I wonder how we'll feel when we're about to draw our last breath. Will we regret the wasted years, the money that we frittered away on unrealistic dreams of lifelong happiness with Ning / Pom / Tan / Toon, the heartache and jealousy,
the pain and the hurt? I hope not. Because mingled in with all the pain and the hurt are memories of amazingly wonderful joyful happy carefree loving times. They may be buried under a ton of lies, deceit and remorse, but they are there. Dig them
out, cherish them.

When the dust has settled and your state of mind returns to one of near equilibrium, I think we have to try and treasure the memories of the times spent in LOS and the adventures we had there. Think about it, what else comes close?

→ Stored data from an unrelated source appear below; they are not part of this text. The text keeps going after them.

(* Let $L$ be an even hyperbolic lattice and $L'$ an even overlattice of $L$. Then there exist chambers $\mathcal D_L$ of $L$ and $\mathcal D_{L'}$ of $L'$ (in the common hyperbolic space $\mathbb H_L=\mathbb H_{L'}$) such that $\mathcal D_{L'}\subseteq\mathcal D_L$. For such choices, the exceptional lattices satisfy $E(L)\subseteq E(L')$.
   Context: All lattices are even: a lattice is a free $\mathbb Z$-module $L$ of finite rank with a non-degenerate symmetric bilinear form $(x.y)\in\mathbb Z$ such that $x^2:=(x.x)$ is even for all $x$. $L$ is hyperbolic if its signature is $(1,\mathrm{rk}L-1)$. A root is a vector $r\in L$ with $r^2=-2$. For hyperbolic $L$, fix a connected component $\mathcal P_L$ of $\{x\in L\otimes\mathbb R: x^2>0\}$, let $\mathbb H_L=\{x\in\mathcal P_L: x^2=1\}$, and let $O^+(L)$ be the group of isometries of $L$ preserving $\mathcal P_L$. The Weyl group $W(L)\subseteq O^+(L)$ is generated by the reflections $\phi_r(v)=v+(v.r)r$ for roots $r$. The chambers are the connected components of $\mathbb H_L\setminus\bigcup_r r^\perp$ (union over all roots $r$); $W(L)$ acts simply transitively on them. Fix a chamber $\mathcal D_L$; the symmetry group $\mathrm{Aut}(\mathcal D_L)$ is the subgroup of $O^+(L)$ preserving $\mathcal D_L$. The exceptional lattice $E(L)\subseteq L$ is the sublattice of vectors of $L$ whose orbit under $\mathrm{Aut}(\mathcal D_L)$ is finite. An overlattice of $L$ is a lattice $L'\supseteq L$ of the same rank whose form restricts to that of $L$. *)

From HB Require Import structures.
From mathcomp Require Import all_boot all_order all_algebra.
From mathcomp Require Import all_classical all_reals all_analysis.
Set Implicit Arguments. Unset Strict Implicit. Unset Printing Implicit Defensive.
Import Order.TTheory GRing.Theory Num.Theory.
Import numFieldNormedType.Exports.
Local Open Scope classical_set_scope.
Local Open Scope ring_scope.

Section LatticeDefs.
Variables (R : realType) (n : nat).
Notation V := 'rV[R]_n.

(* the (real-bilinear extension of the) form, given by a Gram matrix Q in
   the standard coordinates of V = R^n *)
Definition bform (Q : 'M[R]_n) (x y : V) : R := (x *m Q *m y^T) 0 0.

Definition is_lattice (L : set V) : Prop :=
  exists B : 'M[R]_n, B \in unitmx /\
    L = [set z *m B | z in [set z : V | forall i, z 0 i \is a Num.int]].

Definition even_lattice (Q : 'M[R]_n) (L : set V) : Prop :=
  forall x y, L x -> L y ->
    bform Q x y \is a Num.int /\ (bform Q x x / 2) \is a Num.int.

Definition pos_cone (Q : 'M[R]_n) (h0 : V) : set V :=
  @connected_component ('rV[R]_n : topologicalType) [set x | 0 < bform Q x x] h0.

Definition hyp_space (Q : 'M[R]_n) (h0 : V) : set V :=
  [set x | pos_cone Q h0 x /\ bform Q x x = 1].

Definition roots (Q : 'M[R]_n) (L : set V) : set V :=
  [set r | L r /\ bform Q r r = -2].

Definition chamber_domain (Q : 'M[R]_n) (h0 : V) (L : set V) : set V :=
  [set x | hyp_space Q h0 x /\ forall r, roots Q L r -> bform Q x r != 0].

Definition is_chamber (Q : 'M[R]_n) (h0 : V) (L : set V) (D : set V) : Prop :=
  exists x, chamber_domain Q h0 L x /\
            D = @connected_component ('rV[R]_n : topologicalType) (chamber_domain Q h0 L) x.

Sure you
could go out and buy a sports car or a boat, but when all is said and done they're just inanimate objects. You can never replicate the thrills and the feelings that you experience with other people. This is what makes us the people we are.
These are the memories that burn themselves into our brains. Do you remember your last car? I'll bet not, at least not with any affection. I'll bet you remember all of the girls you kissed in Thailand though. I'll bet that there's
a smile playing across your lips even now, as you remember her, the places you went, the things you did together.



So then, let's not castigate the poor guy who despite all the warnings has fallen head over heels with a girl he met in a bar. He's just embarking on a journey many of us have already made. He's going to experience the highest of the highs but he'll have to pay for those highs with feelings of desperation, loneliness and hopelessness. At least he's going to feel something. Don't pity him, pity suburban man sat in his armchair watching Coronation Street every night, waiting for life to show him a reason to wake up in the morning. Life is short, get out there and experience things.


Don't hold grudges, don't pre-judge and maybe, just maybe you'll come out the other end with a smile on your face.